------ Data records ------
Section InvariantKernel.
Variables (R : realType) (G : groupoid) (K : gel G -> gel G -> R[i]).
Hypothesis K_inv : forall g c : gel G, gr g = gr c ->
  K c g = K (gmul (ginv g) c) (geps (gr (gmul (ginv g) c))).

(* Both sides equal [K ((g c)^-1 a) eps] by [K_inv], since
   [(g c)^-1 a = c^-1 (g^-1 a)]. *)
Lemma K_ginv_mul (g a c : gel G) : gr a = gr g -> gr c = gs g ->
  K (gmul (ginv g) a) c = K a (gmul g c).
Proof.
move=> ha hc.
have hga : gr (gmul (ginv g) a) = gs g by rewrite gr_mul ?gr_inv // gs_inv.
rewrite (@K_inv c (gmul (ginv g) a)); last by rewrite hga.
rewrite (@K_inv (gmul g c) a); last by rewrite gr_mul.
by rewrite ginvM // -gmulA ?gr_inv ?gs_inv.
Qed.

Lemma Kres_fmulV (g : gel G) (b b' : fiber (gr g)) :
  Kres K (gr g) b b' = Kres K (gs g) (fmulV b) (fmulV b').
Proof.
case: b b' => [b hb] [b' hb']; rewrite /Kres /= K_ginv_mul ?gmulKV //.
by rewrite gr_mul ?gr_inv // gs_inv.
Qed.

Lemma translate_Kvec (g : gel G) (c : fiber (gs g)) :
  translate (Kvec K c) = Kvec K (fmul c).
Proof.
apply: funext => -[a ha]; case: c => [c hc].
by rewrite /translate /Kvec /Kres /= K_ginv_mul.
Qed.

Lemma ftr_Kvec (x y : gob G) (e : x = y) (c : fiber x) :
  ftr e (Kvec K c) = Kvec K (exist _ (proj1_sig c) (etrans (proj2_sig c) e) : fiber y).
Proof. by subst y. Qed.

End InvariantKernel.

Section TranslationRepresentation.
Local Unset Implicit Arguments.
Context {R : realType} {G : groupoid} {K : gel G -> gel G -> R[i]}.
Hypothesis K_inv : forall g c : gel G, gr g = gr c ->
  K c g = K (gmul (ginv g) c) (geps (gr (gmul (ginv g) c))).
Context {H : forall x : gob G, (fiber x -> R[i]) -> Prop}
        {ip : forall x : gob G, (fiber x -> R[i]) -> (fiber x -> R[i]) -> R[i]}.
Hypothesis rk : forall x : gob G, is_rkhs (Kres K x) (H x) (ip x).

Lemma translate_unitary (g : gel G) :
  unitary (H (gs g)) (ip (gs g)) (H (gr g)) (ip (gr g)) (@translate G R[i] g).
Proof.
exact: (comp_unitary (@fmulVK G g) (@fmulK G g) (rk _) (rk _) (Kres_fmulV K_inv (g := g))).
Qed.

Lemma translate_unique (g : gel G) (V : (fiber (gs g) -> R[i]) -> fiber (gr g) -> R[i]) :
  unitary (H (gs g)) (ip (gs g)) (H (gr g)) (ip (gr g)) V ->
  (forall c : fiber (gs g), V (Kvec K c) = Kvec K (fmul c)) ->
  forall f, H (gs g) f -> V f = translate f.
Proof.
move=> V_unitary VK f Hf; apply: (unitary_eq_comp (rk _) (rk _) V_unitary _ Hf) => b.
by rewrite VK fmulVK.
Qed.

End TranslationRepresentation.

Theorem mainTheorem3 (R : realType) (G : groupoid) (K : gel G -> gel G -> R[i])
  (H : forall x : gob G, (fiber x -> R[i]) -> Prop)
  (ip : forall x : gob G, (fiber x -> R[i]) -> (fiber x -> R[i]) -> R[i]) :
  pos_def_kernel K ->
  (forall g c : gel G, gr g <> gr c -> K g c = 0) ->
  (forall g c : gel G, gr g = gr c ->
     K c g = K (gmul (ginv g) c) (geps (gr (gmul (ginv g) c)))) ->
  (forall x : gob G, is_rkhs (Kres K x) (H x) (ip x)) ->
  exists U : forall g : gel G, (fiber (gs g) -> R[i]) -> (fiber (gr g) -> R[i]),
    [/\ (* U(g) is a unitary with U(g) K_chi = K_{g chi} *)
        (forall g : gel G,
           unitary (H (gs g)) (ip (gs g)) (H (gr g)) (ip (gr g)) (U g) /\
           (forall c : fiber (gs g), U g (Kvec K c) = Kvec K (fmul c))),
        (* ... and it is the unique such unitary *)
        (forall (g : gel G) (V : (fiber (gs g) -> R[i]) -> (fiber (gr g) -> R[i])),
           unitary (H (gs g)) (ip (gs g)) (H (gr g)) (ip (gr g)) V ->
           (forall c : fiber (gs g), V (Kvec K c) = Kvec K (fmul c)) ->
           forall f, H (gs g) f -> V f = U g f),
        (* (U, {H(K^x)}) is a unitary representation:
           U(g1 g2) = U(g1) U(g2) whenever r g2 = s g1 *)
        (forall (g1 g2 : gel G) (h : gr g2 = gs g1) (f : fiber (gs g2) -> R[i]),
           H (gs g2) f ->
           U (gmul g1 g2) (ftr (gs_mul_sym h) f)
           = ftr (gr_mul_sym h) (U g1 (ftr h (U g2 f)))) &
        (* K(chi, g) = < U(g) v(s g), U(chi) v(s chi) > with v(x) = K_{eps(x)} *)
        (forall (g c : gel G) (e : gr c = gr g),
           K c g = ip (gr g) (U g (Kvec K (feps (gs g))))
                             (ftr e (U c (Kvec K (feps (gs c))))))].
Proof.
move=> _ _ K_inv rk; exists (@translate G R[i]); split.
- by move=> g; split; [exact: (translate_unitary K_inv rk) | exact: translate_Kvec].
- exact: (translate_unique rk).
- by move=> g1 g2 h f _; apply: translate_mul.
- move=> g c e; rewrite !(translate_Kvec K_inv) !fmul_feps ftr_Kvec.
  by rewrite -(rkhs_eval (rk _)) //; exact: (rkhs_kernel (rk _)).
Qed.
------
Task instructions: In the listing above, find each line containing "groupoid" and copy it.

Answer box:
Variables (R : realType) (G : groupoid) (K : gel G -> gel G -> R[i]).
Context {R : realType} {G : groupoid} {K : gel G -> gel G -> R[i]}.
Theorem mainTheorem3 (R : realType) (G : groupoid) (K : gel G -> gel G -> R[i])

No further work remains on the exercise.